*** Block opens ***
Lemma mem_bigcup_natr (i : I) (c : 'I_q -> {set I}) :
  (i \in \bigcup_(b < q) c b)%:R = 1 - \prod_(b < q) ((i \notin c b)%:R : R).
Proof.
case: (boolP (i \in \bigcup_(b < q) c b)) => [/bigcupP [b _ ib]|ni] /=.
  by rewrite (bigD1 b) //= ib mul0r subr0.
rewrite big1 ?subrr // => b _; case: (boolP (i \in c b)) => // ib.
by case/negP: ni; apply/bigcupP; exists b.
Qed.

Lemma exp_covered_vset (p : {set I} -> R) (v : I -> R) (S : {set I}) :
    \sum_C p C = 1 ->
  \sum_(c : {ffun 'I_q -> {set I}})
      (\prod_(b < q) p (c b)) * vset v (S :&: \bigcup_(b < q) c b)
  = \sum_(i in S) v i * (1 - (1 - \sum_(C : {set I} | i \in C) p C) ^+ q).
Proof.
move=> p1.
under eq_bigr => c _ do rewrite vsetI big_distrr /=.
rewrite exchange_big /=; apply: eq_bigr => i _.
under eq_bigr => c _ do rewrite mulrCA.
rewrite -big_distrr /=; congr (_ * _).
under eq_bigr => c _ do rewrite mem_bigcup_natr mulrBr mulr1 -big_split /=.
rewrite sumrB -(bigA_distr_bigA (fun _ : 'I_q => p)).
rewrite -(bigA_distr_bigA (fun (_ : 'I_q) (C : {set I}) => p C * (i \notin C)%:R)) /=.
rewrite !prodr_const card_ord p1 expr1n; congr (_ - _ ^+ _).
rewrite -[in RHS]p1 [in RHS](bigID (fun C : {set I} => i \in C)) /= addrAC subrr add0r.
rewrite [RHS]big_mkcond /=.
by apply: eq_bigr => C _; case: (i \in C); rewrite ?mulr0 ?mulr1.
Qed.

End Coverage.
*** Block closes ***
Your assignment
Quote the whole listing above, leaving nothing out.

Task result
Lemma mem_bigcup_natr (i : I) (c : 'I_q -> {set I}) :
  (i \in \bigcup_(b < q) c b)%:R = 1 - \prod_(b < q) ((i \notin c b)%:R : R).
Proof.
case: (boolP (i \in \bigcup_(b < q) c b)) => [/bigcupP [b _ ib]|ni] /=.
  by rewrite (bigD1 b) //= ib mul0r subr0.
rewrite big1 ?subrr // => b _; case: (boolP (i \in c b)) => // ib.
by case/negP: ni; apply/bigcupP; exists b.
Qed.

Lemma exp_covered_vset (p : {set I} -> R) (v : I -> R) (S : {set I}) :
    \sum_C p C = 1 ->
  \sum_(c : {ffun 'I_q -> {set I}})
      (\prod_(b < q) p (c b)) * vset v (S :&: \bigcup_(b < q) c b)
  = \sum_(i in S) v i * (1 - (1 - \sum_(C : {set I} | i \in C) p C) ^+ q).
Proof.
move=> p1.
under eq_bigr => c _ do rewrite vsetI big_distrr /=.
rewrite exchange_big /=; apply: eq_bigr => i _.
under eq_bigr => c _ do rewrite mulrCA.
rewrite -big_distrr /=; congr (_ * _).
under eq_bigr => c _ do rewrite mem_bigcup_natr mulrBr mulr1 -big_split /=.
rewrite sumrB -(bigA_distr_bigA (fun _ : 'I_q => p)).
rewrite -(bigA_distr_bigA (fun (_ : 'I_q) (C : {set I}) => p C * (i \notin C)%:R)) /=.
rewrite !prodr_const card_ord p1 expr1n; congr (_ - _ ^+ _).
rewrite -[in RHS]p1 [in RHS](bigID (fun C : {set I} => i \in C)) /= addrAC subrr add0r.
rewrite [RHS]big_mkcond /=.
by apply: eq_bigr => C _; case: (i \in C); rewrite ?mulr0 ?mulr1.
Qed.

End Coverage.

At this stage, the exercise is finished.